In many regards, the UK stock market was hit by the perfect storm in 2020 with its lack of technology shares, large exposure to global oil companies, and large services sector all contributing to a poor year. However, it would be wrong to ignore the arrival of positives in the final quarter of the year that creates a more positive outlook. The Covid-19 vaccines herald the 2021 return of the travel, leisure, air, and tourism sectors together with a rise in demand for oil. The late December agreement of a trade deal with the EU removes one of the greater uncertainties international investors used to justify simply ignoring the UK stock market completely. In many cases for the past four and a half years. Finally, the speed of the Covid vaccination program is sending a message to all that the UK is not quite the mess the press portray.

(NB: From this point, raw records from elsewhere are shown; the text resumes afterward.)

(* Let $n\ge 1$, $w\in S_n$, and let $D^w$ be its rank matrix. Extend it by $D^w_{0,q}=D^w_{p,0}=0$ for all $p,q$. Call a position $(p,q)\in\{1,\dots,n\}^2$ non-redundant if $D^w_{p,q}\neq D^w_{p-1,q}$ and $D^w_{p,q}\neq D^w_{p,q-1}$. Then the number of non-redundant positions $(p,q)$ with $1\le D^w_{p,q}\le n-1$ equals $l(w)+n-1$.
   Context: $S_n$ is the symmetric group and $l(w)$ is the number of inversions of $w$, i.e. $\#\{(i,j): i<j,\ w(i)>w(j)\}$. The rank matrix of $w$ is the $n\times n$ integer matrix $D^w$ with $D^w_{p,q}=\#\{i\in\{1,\dots,n\}: i\le p,\ w(i)\le q\}$. Interpretation: in the product $\prod_{p,q}\mathrm{Gr}_{D^w_{p,q}}(E)$ carrying inclusions $\ell_{p,q}\subset\ell_{p,q+1}$ and $\ell_{p,q}\subset\ell_{p+1,q}$, a factor is redundant exactly when its dimension equals that of its left or upper neighbour. The non-redundant positions with $1\le D^w_{p,q}\le n-1$ are therefore the copies of Grassmannians $\mathrm{Gr}_i$, $1\le i\le n-1$, that remain after eliminating this redundancy. *)

From mathcomp Require Import all_boot all_order all_fingroup.
Set Implicit Arguments. Unset Strict Implicit. Unset Printing Implicit Defensive.

(* Permutations of {1..n} are modelled as 'S_n = {perm 'I_n}, with the
   shift i <-> i+1 between 'I_n = {0..n-1} and {1..n}. *)

Definition inv_count n (w : 'S_n) : nat :=
  #|[set ij : 'I_n * 'I_n | (ij.1 < ij.2) && (w ij.2 < w ij.1)]|.

(* Rank matrix D^w_{p,q} = #{i in {1..n} : i <= p, w(i) <= q}, for p,q : nat.
   In 0-indexed form: i+1 <= p <-> i < p, w(i)+1 <= q <-> w(i) < q.
   In particular D^w_{0,q} = D^w_{p,0} = 0 (the extension in the paper). *)
Definition rankD n (w : 'S_n) (p q : nat) : nat :=
  #|[set i : 'I_n | (i < p) && (w i < q)]|.

Definition nonredundant n (w : 'S_n) (p q : nat) : bool :=
  (rankD w p q != rankD w p.-1 q) && (rankD w p q != rankD w p q.-1).

Definition count_nonred n (w : 'S_n) : nat :=
  #|[set pq : 'I_n * 'I_n |
     let p := pq.1.+1 in let q := pq.2.+1 in
     [&& nonredundant w p q, 1 <= rankD w p q & rankD w p q <= n.-1]]|.

From mathcomp Require Import all_boot all_order all_fingroup.
Set Implicit Arguments. Unset Strict Implicit.

(* Moving one step down (resp. right) from (a, b) to (a+1, b+1) raises the
   rank by one exactly when w(a) <= b (resp. w^-1(b) <= a), so (a+1, b+1) is
   non-redundant iff w(a) <= b and w^-1(b) <= a.  Its rank is then positive,
   and it is < n unless (a+1, b+1) = (n, n), since D_{p,q} <= min(p, q) and
   D_{n,n} = n.  Substituting b = w(i), the non-redundant positions are the
   pairs i <= a with w(a) <= w(i): the n diagonal pairs and the l(w)
   inversions.  Removing the corner leaves l(w) + n - 1. *)

Section RankMatrix.

Variable n : nat.
Implicit Types w : 'S_n.

Lemma rankD_inv w p q : rankD w^-1%g q p = rankD w p q.
Proof.
rewrite /rankD -(card_preimset _ (@perm_inj _ w)).
by apply: eq_card => i; rewrite !inE permK andbC.
Qed.

Lemma rankD_succl w (a : 'I_n) q : rankD w a.+1 q = rankD w a q + (w a < q).
Proof.
rewrite /rankD (cardsD1 a) addnC inE ltnS leqnn /=; congr (_ + _).
apply: eq_card => i; rewrite !inE ltnS leq_eqVlt.
by case: (eqVneq i a) => [->|/negbTE ne]; rewrite ?ltnn ?eqxx ?andbF // val_eqE ne.
Qed.

Lemma rankD_succr w p (b : 'I_n) : rankD w p b.+1 = rankD w p b + (w^-1%g b < p).
Proof. by rewrite -!(rankD_inv _ p) rankD_succl. Qed.

Lemma rankD_le w p q : rankD w p q <= p.
Proof.
rewrite /rankD cardE -(size_map val).
rewrite -[p in _ <= p](size_iota 0) uniq_leq_size ?map_inj_uniq ?enum_uniq //.
  exact: val_inj.
by move=> x /mapP [i]; rewrite mem_enum inE => /andP [ip _] ->; rewrite mem_iota.
Qed.

Lemma rankD_le_min w p q : rankD w p q <= minn p q.
Proof. by rewrite leq_min rankD_le -rankD_inv rankD_le. Qed.

Lemma rankD_full w : rankD w n n = n.
Proof.
rewrite /rankD -[RHS]card_ord; apply: eq_card => i.
by rewrite !inE !ltn_ord.
Qed.

Lemma nonredundantE w (a b : 'I_n) :
  nonredundant w a.+1 b.+1 = (w a <= b) && (w^-1%g b <= a).
Proof.
rewrite /nonredundant /= [X in X != rankD w a _]rankD_succl.
rewrite [X in X != rankD w _ b]rankD_succr !ltnS.
by rewrite -[X in _ != X]addn0 eqn_add2l -[X in _ + _ != X]addn0 eqn_add2l !eqb0 !negbK.
Qed.

Lemma rankD_gt0 w (a : 'I_n) q : w a < q -> 0 < rankD w a.+1 q.
Proof. by rewrite rankD_succl => ->; rewrite addn1. Qed.

Lemma rankD_lt_full w (a b : 'I_n) :
  (rankD w a.+1 b.+1 < n) = (a.+1 < n) || (b.+1 < n).
Proof.
have [a_lt | a_ge] := ltnP a.+1 n.
  by rewrite (leq_ltn_trans (rankD_le_min _ _ _)) // gtn_min a_lt.
have [b_lt | b_ge] := ltnP b.+1 n.
  by rewrite (leq_ltn_trans (rankD_le_min _ _ _)) // gtn_min b_lt orbT.
have [-> ->] : a.+1 = n /\ b.+1 = n by split; apply/eqP; rewrite eqn_leq ltn_ord.
by rewrite rankD_full ltnn.
Qed.

Lemma card_weak_inversions w :
  #|[set ij : 'I_n * 'I_n | (ij.1 <= ij.2) && (w ij.2 <= w ij.1)]| = inv_count w + n.
Proof.
set S := [set ij | _]; set diag := [set ij : 'I_n * 'I_n | ij.1 == ij.2].
rewrite -(cardsID diag S) addnC; congr (_ + _).
  apply: eq_card => -[i j]; rewrite !inE /= -val_eqE /= [i <= j]leq_eqVlt.
  case: (eqVneq (val i) j) => [/val_inj -> | ne] /=; first by rewrite ltnn.
  rewrite [w j <= _]leq_eqVlt -[_ == _ :> nat]/(w j == w i).
  by rewrite (inj_eq (@perm_inj _ w)) eq_sym -val_eqE (negbTE ne).
have -> : S :&: diag = [set (i, i) | i in 'I_n].
  apply/setP => -[i j]; rewrite !inE /=.
  apply/andP/imsetP => [[_ /eqP <-] | [k _ [-> ->]]]; first by exists i.
  by rewrite !leqnn eqxx.
by rewrite card_imset ?card_ord // => i j [].
Qed.

Lemma card_nonredundant_pattern w :
  #|[set ab : 'I_n * 'I_n | (w ab.1 <= ab.2) && (w^-1%g ab.2 <= ab.1)]| = inv_count w + n.
Proof.
pose swap ab : 'I_n * 'I_n := (w^-1%g ab.2, ab.1).
have swap_inj : injective swap by move=> [a b] [a' b'] [/perm_inj -> ->].
rewrite -card_weak_inversions -[RHS](card_preimset _ swap_inj).
by apply: eq_card => -[a b]; rewrite !inE /= permKV andbC.
Qed.

End RankMatrix.

Theorem proposition2p4 (n : nat) (hn : 1 <= n) (w : 'S_n) :
  count_nonred w = inv_count w + n - 1.
Proof.
case: n hn w => // m _ w.
set pattern := [set ab : 'I_m.+1 * 'I_m.+1 | (w ab.1 <= ab.2) && (w^-1%g ab.2 <= ab.1)].
have lt_max (c : 'I_m.+1) : (c < m) = (c != ord_max).
  by rewrite ltn_neqAle -ltnS ltn_ord andbT.
have -> : count_nonred w = #|pattern :\ (ord_max, ord_max)|.
  apply: eq_card => -[a b]; rewrite !inE /= nonredundantE.
  have [wab /= | _] := boolP (w a <= b); last by rewrite andbF.
  rewrite rankD_gt0 ?ltnS // -[rankD _ _ _ <= m]ltnS rankD_lt_full !ltnS !lt_max negb_and.
  by rewrite andbC.
have := cardsD1 (ord_max, ord_max) pattern.
rewrite {}/pattern card_nonredundant_pattern inE /= !leq_ord add1n => ->.
by rewrite subn1.
Qed.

European shares returned 2.07% in December, making 8.2% for the year. The month saw the final approval of the Multi-annual Financial Framework, the EU’s seven-year budget, worth just under €1.1 trillion and the €750 billion Covid-19 recovery fund, known as next-generation EU which has been held up since the summer by dissidents Poland and Hungary.

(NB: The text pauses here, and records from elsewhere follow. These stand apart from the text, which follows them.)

(* Let $S(t,x,y,u,v)=\sum_\pi t^{|\pi|}x^{\mathrm{lmax}(\pi)}y^{\mathrm{rmax}(\pi)}u^{\mathrm{lmin}(\pi)}v^{\mathrm{rmin}(\pi)}$ over all separable permutations, and $I(t,x,y,u,v)$ the same sum over irreducible separable permutations. Let $S(t,y,u,v)=\sum_\pi t^{|\pi|}y^{\mathrm{rmax}(\pi)}u^{\mathrm{lmin}(\pi)}v^{\mathrm{rmin}(\pi)}$ and $S(t,x,u,v)=\sum_\pi t^{|\pi|}x^{\mathrm{lmax}(\pi)}u^{\mathrm{lmin}(\pi)}v^{\mathrm{rmin}(\pi)}$, both over all separable permutations. Let $S(t,z)=\sum_\pi t^{|\pi|}z^{\mathrm{rmax}(\pi)}$ over all separable permutations, and $$E(t,z_1,z_2,z_3)=z_1z_2z_3t+\frac{(S(t,z_1)+1)(S(t,z_2)+1)(S(t,z_3)+1)\,t^2z_1^2z_2z_3}{(1-S(t,z_1)S(t,z_3))(1-S(t,z_1)S(t,z_2))}.$$ Then $$I(t,x,y,u,v)=xyuvt+E(t,x,y,u)\,S(t,y,u,v),$$ the corresponding sum over reducible separable permutations equals $E(t,y,x,v)\,S(t,x,u,v)$, and $$S(t,x,y,u,v)=xyuvt+E(t,x,y,u)\,S(t,y,u,v)+E(t,y,x,v)\,S(t,x,u,v).$$
   Context: A permutation of length $n$ is a word $\pi=\pi_1\cdots\pi_n$ containing each element of $[n]$ exactly once; $|\pi|=n$. For $\pi$ of length $m$, $\sigma$ of length $n$: $\pi\oplus\sigma=\pi_1\cdots\pi_m(\sigma_1+m)\cdots(\sigma_n+m)$, $\pi\ominus\sigma=(\pi_1+n)\cdots(\pi_m+n)\sigma_1\cdots\sigma_n$. Separable permutations are those of length $\ge1$ obtained from $1$ by repeatedly applying $\oplus,\ominus$ (equivalently, avoiding $2413$ and $3142$). The permutation $1$ is irreducible; a permutation of length $n\ge2$ is irreducible if there is no $i$, $2\le i\le n$, such that every element of $\pi_1\cdots\pi_{i-1}$ is less than every element of $\pi_i\cdots\pi_n$; reducible means not irreducible (length $\ge2$). $\pi_i$ is a left-to-right maximum (minimum) if $\pi_i>\pi_j$ ($\pi_i<\pi_j$) for all $j<i$, a right-to-left maximum (minimum) if $\pi_i>\pi_j$ ($\pi_i<\pi_j$) for all $j>i$; $\mathrm{lmax},\mathrm{lmin},\mathrm{rmax},\mathrm{rmin}$ count these. *)

From mathcomp Require Import all_boot all_order all_algebra all_fingroup.
Set Implicit Arguments. Unset Strict Implicit. Unset Printing Implicit Defensive.
Import GRing.Theory.
Local Open Scope ring_scope.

The year ended on a positive note, with all three major indices ahead. Technology shares returned 2.65% in sterling and 5.11% in dollars and were the strongest performers though the broader market was also ahead with a return of 1.42% to make 14.75% for the year. The confirmation of Joe Biden’s victory, after a fractious and difficult election process, provided some stability on the political front, as did cross party moves towards releasing a new fiscal stimulus package. The economy continued to recover but Covid-19 infection numbers rose and its impacts were still being felt in consumer and business activity. How the new Biden administration deals with these public health, economic and other challenges will set the tone for markets looking into 2021.
The experience of emerging markets this year has varied enormously with the South Americas hit hard by Covid-19 but Asia surprisingly lightly, having implemented the lessons learned by the 2003 SARS outbreak. December saw emerging markets return 3.69% to make 11.93% for the year as investors bet on a return to consistent above average growth during the recovery from Covid-19.
After the positive long-term news of a vaccine in November, the property market had to digest some weaker immediate news in December with respect to the virus. The pickup in the case has resulted in the closure of non-essential shops and businesses, which will have a knock-on impact on the rent paid to landlords.
The performance of gold in December stood out in the alternatives sector with the precious metal increasing 6.72% in US dollar terms, which came back into favour following a weak period over the last six months.